Among the records that follow, find the line with "by rewrite [X in _ + X]distrC; lra." and the line with "have Gn (n : nat) : G (n%:R * x).". Set down those lines and all lines between them exactly, without adding anything.

BEGIN Input data

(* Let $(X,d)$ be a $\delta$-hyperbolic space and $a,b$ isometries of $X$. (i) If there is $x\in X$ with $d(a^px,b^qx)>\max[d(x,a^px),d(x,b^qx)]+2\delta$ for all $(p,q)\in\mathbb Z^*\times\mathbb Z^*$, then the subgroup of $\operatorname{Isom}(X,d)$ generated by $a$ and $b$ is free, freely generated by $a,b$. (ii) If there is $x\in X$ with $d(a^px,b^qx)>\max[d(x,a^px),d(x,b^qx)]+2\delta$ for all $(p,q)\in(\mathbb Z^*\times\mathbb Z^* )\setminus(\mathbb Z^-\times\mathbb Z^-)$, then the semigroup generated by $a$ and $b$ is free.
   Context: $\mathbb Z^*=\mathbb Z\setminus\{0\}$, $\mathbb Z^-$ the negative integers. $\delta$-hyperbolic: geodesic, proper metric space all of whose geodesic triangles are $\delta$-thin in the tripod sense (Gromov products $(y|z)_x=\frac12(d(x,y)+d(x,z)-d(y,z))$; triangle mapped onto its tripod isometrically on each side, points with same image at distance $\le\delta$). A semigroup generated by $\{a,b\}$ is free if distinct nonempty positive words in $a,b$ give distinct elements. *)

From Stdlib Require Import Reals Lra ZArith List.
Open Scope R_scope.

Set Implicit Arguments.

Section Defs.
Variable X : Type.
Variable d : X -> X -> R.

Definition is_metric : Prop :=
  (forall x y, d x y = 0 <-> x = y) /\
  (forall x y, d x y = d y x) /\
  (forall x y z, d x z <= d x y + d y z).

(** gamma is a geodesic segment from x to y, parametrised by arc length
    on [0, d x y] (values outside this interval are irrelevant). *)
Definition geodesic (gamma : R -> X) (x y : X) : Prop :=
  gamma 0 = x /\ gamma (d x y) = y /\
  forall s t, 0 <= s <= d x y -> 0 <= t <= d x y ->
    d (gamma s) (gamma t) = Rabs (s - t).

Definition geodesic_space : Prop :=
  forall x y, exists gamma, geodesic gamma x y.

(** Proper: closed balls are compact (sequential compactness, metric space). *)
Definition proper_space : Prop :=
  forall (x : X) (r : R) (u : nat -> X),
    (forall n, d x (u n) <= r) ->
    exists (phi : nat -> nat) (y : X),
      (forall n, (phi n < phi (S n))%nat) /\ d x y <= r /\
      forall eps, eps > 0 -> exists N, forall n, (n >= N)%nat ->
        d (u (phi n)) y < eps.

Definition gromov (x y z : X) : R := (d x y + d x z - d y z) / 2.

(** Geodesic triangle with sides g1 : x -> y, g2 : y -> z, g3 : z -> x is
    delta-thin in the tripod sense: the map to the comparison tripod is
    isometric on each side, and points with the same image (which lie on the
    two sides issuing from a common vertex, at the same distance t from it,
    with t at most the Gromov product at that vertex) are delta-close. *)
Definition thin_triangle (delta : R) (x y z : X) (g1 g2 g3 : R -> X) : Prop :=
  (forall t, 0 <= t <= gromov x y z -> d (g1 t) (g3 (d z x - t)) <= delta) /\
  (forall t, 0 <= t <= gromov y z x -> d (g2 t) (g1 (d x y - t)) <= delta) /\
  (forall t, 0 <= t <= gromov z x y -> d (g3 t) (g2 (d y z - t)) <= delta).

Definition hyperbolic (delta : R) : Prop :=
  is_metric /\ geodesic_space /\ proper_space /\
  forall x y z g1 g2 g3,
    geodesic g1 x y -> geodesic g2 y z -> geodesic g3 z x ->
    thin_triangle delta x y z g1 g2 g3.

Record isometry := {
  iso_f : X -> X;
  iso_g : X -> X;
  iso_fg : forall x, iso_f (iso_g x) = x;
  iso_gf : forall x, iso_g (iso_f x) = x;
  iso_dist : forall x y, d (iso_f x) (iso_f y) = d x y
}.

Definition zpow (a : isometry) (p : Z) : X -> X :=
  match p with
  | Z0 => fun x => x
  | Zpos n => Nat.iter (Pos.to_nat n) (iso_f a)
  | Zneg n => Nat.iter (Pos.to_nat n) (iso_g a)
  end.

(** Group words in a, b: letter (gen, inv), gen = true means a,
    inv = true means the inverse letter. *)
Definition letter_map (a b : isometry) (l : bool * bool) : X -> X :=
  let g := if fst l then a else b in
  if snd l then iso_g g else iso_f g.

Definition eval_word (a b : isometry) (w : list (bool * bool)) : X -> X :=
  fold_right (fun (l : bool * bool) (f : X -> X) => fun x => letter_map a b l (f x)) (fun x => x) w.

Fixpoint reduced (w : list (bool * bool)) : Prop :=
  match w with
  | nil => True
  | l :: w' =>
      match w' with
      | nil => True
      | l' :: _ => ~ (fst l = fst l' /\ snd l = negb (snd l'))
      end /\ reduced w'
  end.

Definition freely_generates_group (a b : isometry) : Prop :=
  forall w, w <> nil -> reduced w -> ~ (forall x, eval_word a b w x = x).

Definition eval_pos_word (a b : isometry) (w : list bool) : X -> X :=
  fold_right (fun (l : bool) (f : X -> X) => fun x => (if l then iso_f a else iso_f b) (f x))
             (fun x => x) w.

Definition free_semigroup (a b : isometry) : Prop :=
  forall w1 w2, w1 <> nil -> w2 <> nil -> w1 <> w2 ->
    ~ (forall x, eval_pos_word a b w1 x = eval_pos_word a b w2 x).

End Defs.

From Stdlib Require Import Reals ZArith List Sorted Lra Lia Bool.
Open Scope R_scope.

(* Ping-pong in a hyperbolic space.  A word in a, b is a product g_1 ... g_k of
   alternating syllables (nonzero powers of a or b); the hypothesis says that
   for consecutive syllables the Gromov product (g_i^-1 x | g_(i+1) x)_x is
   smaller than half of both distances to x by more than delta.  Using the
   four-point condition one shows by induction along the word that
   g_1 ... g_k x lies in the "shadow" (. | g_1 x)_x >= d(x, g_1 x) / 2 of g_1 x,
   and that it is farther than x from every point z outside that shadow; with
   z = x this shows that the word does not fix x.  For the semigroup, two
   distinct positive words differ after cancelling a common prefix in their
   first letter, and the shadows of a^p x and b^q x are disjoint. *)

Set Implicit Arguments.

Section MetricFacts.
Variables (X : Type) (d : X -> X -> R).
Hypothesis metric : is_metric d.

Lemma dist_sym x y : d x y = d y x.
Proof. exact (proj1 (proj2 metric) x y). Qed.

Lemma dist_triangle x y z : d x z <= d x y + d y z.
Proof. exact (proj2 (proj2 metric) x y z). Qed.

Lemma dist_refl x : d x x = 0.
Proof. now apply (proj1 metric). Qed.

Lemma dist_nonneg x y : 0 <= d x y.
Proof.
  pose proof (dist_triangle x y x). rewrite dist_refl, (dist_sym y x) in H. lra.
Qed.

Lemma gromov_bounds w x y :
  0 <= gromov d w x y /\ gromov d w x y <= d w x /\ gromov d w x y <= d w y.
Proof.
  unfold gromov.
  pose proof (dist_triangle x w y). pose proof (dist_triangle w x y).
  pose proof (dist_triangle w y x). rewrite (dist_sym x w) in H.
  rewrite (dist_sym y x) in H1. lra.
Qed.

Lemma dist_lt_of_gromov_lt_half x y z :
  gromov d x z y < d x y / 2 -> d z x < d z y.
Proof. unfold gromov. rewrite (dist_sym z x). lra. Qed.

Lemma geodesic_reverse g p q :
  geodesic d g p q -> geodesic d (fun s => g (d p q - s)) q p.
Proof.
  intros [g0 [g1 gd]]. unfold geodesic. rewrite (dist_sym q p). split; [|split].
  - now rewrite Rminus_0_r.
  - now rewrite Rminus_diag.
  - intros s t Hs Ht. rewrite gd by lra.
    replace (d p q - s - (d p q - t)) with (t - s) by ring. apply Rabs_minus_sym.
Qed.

END Input data
BEGIN Input data

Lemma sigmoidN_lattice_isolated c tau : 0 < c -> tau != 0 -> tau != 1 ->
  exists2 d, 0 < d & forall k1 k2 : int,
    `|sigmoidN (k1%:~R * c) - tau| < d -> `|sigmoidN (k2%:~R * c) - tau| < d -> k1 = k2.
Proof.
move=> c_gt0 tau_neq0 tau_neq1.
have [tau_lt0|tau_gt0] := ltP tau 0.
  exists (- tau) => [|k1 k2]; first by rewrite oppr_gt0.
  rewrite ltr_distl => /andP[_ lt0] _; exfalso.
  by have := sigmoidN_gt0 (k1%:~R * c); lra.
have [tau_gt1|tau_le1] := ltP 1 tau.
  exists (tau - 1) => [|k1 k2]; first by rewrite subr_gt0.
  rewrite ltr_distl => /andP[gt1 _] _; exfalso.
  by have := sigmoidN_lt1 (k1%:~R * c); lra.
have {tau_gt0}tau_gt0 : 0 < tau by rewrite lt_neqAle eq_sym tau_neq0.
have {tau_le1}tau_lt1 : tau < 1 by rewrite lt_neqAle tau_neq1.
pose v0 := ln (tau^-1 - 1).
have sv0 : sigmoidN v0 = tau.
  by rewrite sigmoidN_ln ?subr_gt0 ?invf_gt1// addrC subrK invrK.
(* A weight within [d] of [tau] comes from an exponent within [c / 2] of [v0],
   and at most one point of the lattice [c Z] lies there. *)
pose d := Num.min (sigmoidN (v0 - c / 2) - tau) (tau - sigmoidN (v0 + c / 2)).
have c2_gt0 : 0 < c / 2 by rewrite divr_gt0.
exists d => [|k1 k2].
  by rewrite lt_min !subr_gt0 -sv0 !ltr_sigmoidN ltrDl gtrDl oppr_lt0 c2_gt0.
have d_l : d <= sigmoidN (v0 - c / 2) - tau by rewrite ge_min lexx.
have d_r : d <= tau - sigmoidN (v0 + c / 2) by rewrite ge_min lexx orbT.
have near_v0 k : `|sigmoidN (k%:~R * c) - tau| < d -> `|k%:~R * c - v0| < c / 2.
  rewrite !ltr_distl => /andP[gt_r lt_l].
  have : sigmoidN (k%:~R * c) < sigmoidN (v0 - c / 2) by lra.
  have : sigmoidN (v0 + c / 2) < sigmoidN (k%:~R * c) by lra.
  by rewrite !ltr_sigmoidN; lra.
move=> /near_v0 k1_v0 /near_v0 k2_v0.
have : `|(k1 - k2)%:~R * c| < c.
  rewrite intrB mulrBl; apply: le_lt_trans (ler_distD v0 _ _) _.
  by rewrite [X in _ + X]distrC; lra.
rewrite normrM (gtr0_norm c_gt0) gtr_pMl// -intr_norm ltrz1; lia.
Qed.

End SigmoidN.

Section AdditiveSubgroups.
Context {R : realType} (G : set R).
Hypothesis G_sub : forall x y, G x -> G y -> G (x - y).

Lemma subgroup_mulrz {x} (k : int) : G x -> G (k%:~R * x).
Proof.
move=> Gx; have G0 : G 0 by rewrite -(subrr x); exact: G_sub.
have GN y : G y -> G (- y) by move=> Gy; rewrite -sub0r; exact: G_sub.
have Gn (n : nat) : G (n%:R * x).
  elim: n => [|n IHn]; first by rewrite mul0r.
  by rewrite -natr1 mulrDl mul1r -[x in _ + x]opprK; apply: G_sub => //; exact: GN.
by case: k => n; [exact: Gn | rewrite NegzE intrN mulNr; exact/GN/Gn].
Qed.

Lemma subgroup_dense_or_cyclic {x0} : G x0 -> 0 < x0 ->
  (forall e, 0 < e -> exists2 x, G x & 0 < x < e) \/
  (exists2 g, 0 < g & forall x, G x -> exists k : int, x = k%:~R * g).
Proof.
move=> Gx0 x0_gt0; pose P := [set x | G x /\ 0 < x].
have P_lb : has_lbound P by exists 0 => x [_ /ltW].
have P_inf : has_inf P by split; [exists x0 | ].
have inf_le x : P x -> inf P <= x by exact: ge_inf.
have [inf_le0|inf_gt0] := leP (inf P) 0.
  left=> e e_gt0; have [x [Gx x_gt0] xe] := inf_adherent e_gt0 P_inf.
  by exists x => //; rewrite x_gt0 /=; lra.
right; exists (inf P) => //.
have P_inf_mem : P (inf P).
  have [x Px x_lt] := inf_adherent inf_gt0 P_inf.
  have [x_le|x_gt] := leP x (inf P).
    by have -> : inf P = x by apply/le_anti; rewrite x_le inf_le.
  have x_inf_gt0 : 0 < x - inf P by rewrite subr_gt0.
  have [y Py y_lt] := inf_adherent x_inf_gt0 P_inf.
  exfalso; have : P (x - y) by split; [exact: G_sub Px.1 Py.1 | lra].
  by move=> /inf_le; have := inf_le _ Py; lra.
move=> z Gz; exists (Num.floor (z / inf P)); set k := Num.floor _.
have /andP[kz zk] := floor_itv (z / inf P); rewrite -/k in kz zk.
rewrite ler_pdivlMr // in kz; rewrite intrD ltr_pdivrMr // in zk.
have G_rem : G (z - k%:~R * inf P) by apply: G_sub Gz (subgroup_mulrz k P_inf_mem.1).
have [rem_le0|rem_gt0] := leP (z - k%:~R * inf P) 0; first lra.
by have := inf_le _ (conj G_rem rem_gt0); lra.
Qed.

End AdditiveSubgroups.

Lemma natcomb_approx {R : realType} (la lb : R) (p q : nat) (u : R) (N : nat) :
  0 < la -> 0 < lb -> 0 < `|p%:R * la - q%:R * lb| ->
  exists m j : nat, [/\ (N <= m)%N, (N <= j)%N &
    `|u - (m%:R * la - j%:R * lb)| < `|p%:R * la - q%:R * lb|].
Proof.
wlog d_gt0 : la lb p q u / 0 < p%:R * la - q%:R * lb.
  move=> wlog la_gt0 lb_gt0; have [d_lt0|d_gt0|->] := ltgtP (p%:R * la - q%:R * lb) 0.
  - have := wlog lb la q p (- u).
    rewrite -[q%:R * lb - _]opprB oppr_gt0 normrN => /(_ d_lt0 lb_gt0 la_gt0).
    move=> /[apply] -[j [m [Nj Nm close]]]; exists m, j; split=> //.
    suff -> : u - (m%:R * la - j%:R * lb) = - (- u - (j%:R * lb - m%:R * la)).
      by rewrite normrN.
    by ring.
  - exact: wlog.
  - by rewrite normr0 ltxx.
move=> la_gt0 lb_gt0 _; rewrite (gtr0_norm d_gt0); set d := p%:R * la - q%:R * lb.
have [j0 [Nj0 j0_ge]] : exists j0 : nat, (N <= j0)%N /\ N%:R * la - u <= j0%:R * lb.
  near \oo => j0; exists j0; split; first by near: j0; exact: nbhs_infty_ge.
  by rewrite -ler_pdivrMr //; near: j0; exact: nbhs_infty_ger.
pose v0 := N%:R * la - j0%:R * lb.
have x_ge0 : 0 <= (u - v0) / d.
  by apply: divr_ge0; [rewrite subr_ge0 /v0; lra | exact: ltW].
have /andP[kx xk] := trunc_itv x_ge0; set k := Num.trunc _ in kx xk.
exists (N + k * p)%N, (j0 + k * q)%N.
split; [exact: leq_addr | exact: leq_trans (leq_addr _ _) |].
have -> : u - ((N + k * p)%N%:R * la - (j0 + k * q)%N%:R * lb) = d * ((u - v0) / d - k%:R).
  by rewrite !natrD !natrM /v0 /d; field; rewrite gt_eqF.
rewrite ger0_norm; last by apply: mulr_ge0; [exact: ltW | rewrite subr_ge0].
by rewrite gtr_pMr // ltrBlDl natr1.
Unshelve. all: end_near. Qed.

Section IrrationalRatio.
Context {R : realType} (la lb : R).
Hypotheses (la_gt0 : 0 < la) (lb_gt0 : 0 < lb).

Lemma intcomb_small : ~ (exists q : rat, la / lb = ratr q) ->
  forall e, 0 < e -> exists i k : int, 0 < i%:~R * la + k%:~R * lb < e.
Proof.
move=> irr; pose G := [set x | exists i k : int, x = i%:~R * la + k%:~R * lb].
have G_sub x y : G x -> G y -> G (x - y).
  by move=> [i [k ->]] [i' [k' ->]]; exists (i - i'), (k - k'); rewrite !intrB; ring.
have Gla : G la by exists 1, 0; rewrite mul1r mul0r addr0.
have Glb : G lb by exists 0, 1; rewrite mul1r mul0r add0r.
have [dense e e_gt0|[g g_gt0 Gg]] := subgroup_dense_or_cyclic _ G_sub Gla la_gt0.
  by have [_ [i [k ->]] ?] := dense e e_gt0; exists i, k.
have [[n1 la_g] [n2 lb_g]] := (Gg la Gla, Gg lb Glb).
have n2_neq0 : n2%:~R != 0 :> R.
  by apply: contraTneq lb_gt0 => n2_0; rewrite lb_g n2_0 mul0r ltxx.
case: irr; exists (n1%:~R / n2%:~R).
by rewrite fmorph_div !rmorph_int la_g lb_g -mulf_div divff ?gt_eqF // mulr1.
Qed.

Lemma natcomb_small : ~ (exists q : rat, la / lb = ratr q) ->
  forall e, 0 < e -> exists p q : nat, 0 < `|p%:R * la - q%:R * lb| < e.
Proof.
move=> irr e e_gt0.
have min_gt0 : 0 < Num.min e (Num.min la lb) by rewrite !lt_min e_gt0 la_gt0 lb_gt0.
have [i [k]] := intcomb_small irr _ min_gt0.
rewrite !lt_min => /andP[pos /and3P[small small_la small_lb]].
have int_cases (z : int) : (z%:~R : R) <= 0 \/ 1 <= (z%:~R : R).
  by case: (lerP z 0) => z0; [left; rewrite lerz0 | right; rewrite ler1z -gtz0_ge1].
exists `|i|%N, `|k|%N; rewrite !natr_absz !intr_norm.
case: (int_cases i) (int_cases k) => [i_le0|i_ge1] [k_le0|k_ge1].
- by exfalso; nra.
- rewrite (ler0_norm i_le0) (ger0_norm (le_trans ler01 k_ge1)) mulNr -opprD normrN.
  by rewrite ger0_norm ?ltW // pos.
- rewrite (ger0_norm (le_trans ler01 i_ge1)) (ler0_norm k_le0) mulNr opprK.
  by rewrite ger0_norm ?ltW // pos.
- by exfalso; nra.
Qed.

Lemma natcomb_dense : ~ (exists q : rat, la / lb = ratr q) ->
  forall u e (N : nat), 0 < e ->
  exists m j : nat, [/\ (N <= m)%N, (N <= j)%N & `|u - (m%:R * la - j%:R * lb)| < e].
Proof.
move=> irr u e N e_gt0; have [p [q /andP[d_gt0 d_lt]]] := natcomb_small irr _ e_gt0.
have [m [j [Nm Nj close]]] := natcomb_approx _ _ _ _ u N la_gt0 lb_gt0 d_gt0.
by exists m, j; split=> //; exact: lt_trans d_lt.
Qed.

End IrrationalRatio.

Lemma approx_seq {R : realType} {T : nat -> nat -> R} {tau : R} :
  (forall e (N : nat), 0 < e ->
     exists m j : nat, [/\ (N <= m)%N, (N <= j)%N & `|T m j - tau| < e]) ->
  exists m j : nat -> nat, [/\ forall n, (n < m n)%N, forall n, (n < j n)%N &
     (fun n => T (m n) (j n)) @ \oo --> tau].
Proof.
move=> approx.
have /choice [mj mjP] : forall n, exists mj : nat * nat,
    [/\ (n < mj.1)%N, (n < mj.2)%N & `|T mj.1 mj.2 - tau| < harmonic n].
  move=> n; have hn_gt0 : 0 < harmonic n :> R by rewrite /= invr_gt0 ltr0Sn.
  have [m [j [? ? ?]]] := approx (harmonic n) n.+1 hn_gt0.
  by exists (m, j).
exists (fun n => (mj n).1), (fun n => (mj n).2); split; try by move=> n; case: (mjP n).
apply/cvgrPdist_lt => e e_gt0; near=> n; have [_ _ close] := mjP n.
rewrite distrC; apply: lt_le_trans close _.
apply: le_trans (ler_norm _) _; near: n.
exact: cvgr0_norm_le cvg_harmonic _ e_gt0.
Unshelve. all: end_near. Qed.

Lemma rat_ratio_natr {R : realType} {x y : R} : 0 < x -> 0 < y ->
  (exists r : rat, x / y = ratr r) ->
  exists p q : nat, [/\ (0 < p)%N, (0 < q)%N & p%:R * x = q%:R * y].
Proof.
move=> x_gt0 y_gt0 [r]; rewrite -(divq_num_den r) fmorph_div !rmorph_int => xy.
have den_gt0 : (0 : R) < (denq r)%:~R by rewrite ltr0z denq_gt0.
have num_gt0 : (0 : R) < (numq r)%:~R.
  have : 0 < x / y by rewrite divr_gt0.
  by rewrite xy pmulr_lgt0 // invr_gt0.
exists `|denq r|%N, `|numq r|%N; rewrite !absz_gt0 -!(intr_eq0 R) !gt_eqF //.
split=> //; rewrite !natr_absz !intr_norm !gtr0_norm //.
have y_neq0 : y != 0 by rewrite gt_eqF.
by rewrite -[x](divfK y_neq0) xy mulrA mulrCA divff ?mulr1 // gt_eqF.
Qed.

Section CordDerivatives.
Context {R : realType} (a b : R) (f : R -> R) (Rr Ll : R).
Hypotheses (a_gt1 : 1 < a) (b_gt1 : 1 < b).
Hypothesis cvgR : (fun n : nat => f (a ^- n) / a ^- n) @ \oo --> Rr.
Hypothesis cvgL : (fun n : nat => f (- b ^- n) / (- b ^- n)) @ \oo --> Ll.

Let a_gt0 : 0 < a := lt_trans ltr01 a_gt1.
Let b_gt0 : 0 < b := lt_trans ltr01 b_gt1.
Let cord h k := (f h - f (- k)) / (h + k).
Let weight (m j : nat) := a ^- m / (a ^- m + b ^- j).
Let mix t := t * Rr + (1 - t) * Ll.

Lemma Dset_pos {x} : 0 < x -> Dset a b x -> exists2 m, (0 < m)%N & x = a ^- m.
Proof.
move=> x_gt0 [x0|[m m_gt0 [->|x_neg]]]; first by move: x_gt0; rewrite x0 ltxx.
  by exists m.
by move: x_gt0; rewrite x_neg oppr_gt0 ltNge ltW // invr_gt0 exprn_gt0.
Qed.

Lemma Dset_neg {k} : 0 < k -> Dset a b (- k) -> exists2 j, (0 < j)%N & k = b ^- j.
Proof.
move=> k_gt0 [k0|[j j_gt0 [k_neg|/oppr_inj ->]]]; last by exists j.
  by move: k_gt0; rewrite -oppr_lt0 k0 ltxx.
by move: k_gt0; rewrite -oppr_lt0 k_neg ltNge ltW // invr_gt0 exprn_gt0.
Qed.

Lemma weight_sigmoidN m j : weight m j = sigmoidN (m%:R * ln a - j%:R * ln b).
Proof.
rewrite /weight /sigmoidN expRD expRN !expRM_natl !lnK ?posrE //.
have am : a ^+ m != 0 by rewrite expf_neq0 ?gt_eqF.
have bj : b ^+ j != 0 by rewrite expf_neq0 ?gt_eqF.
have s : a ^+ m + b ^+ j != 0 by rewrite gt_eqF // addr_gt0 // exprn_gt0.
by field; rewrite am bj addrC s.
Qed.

END Input data
BEGIN Input data

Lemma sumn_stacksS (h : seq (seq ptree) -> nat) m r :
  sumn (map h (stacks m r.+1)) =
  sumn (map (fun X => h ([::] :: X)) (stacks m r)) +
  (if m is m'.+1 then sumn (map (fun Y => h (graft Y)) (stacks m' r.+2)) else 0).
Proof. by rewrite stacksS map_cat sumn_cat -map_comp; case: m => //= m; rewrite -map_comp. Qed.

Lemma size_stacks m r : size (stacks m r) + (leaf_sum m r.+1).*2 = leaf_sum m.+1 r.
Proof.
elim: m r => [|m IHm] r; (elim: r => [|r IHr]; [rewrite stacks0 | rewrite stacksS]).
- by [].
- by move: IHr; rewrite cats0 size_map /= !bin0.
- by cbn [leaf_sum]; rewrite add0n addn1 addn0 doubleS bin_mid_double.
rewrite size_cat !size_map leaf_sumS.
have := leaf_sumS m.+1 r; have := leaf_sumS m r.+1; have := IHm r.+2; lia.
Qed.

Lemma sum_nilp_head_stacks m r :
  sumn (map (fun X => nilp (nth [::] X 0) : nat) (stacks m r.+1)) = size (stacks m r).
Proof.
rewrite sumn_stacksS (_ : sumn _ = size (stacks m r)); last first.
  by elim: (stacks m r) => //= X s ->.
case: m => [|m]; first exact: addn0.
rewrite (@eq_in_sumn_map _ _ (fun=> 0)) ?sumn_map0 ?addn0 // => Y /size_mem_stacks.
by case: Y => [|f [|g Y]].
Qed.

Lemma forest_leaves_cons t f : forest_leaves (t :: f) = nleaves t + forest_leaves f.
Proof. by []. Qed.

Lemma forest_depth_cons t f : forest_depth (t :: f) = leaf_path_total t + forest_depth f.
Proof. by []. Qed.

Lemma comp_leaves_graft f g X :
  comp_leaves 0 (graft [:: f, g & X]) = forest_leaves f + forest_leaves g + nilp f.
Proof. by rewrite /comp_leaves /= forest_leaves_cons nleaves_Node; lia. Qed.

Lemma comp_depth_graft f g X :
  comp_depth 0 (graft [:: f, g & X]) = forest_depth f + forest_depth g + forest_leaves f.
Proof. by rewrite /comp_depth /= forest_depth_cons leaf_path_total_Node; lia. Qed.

END Input data

Task solution:
  by rewrite [X in _ + X]distrC; lra.
rewrite normrM (gtr0_norm c_gt0) gtr_pMl// -intr_norm ltrz1; lia.
Qed.

End SigmoidN.

Section AdditiveSubgroups.
Context {R : realType} (G : set R).
Hypothesis G_sub : forall x y, G x -> G y -> G (x - y).

Lemma subgroup_mulrz {x} (k : int) : G x -> G (k%:~R * x).
Proof.
move=> Gx; have G0 : G 0 by rewrite -(subrr x); exact: G_sub.
have GN y : G y -> G (- y) by move=> Gy; rewrite -sub0r; exact: G_sub.
have Gn (n : nat) : G (n%:R * x).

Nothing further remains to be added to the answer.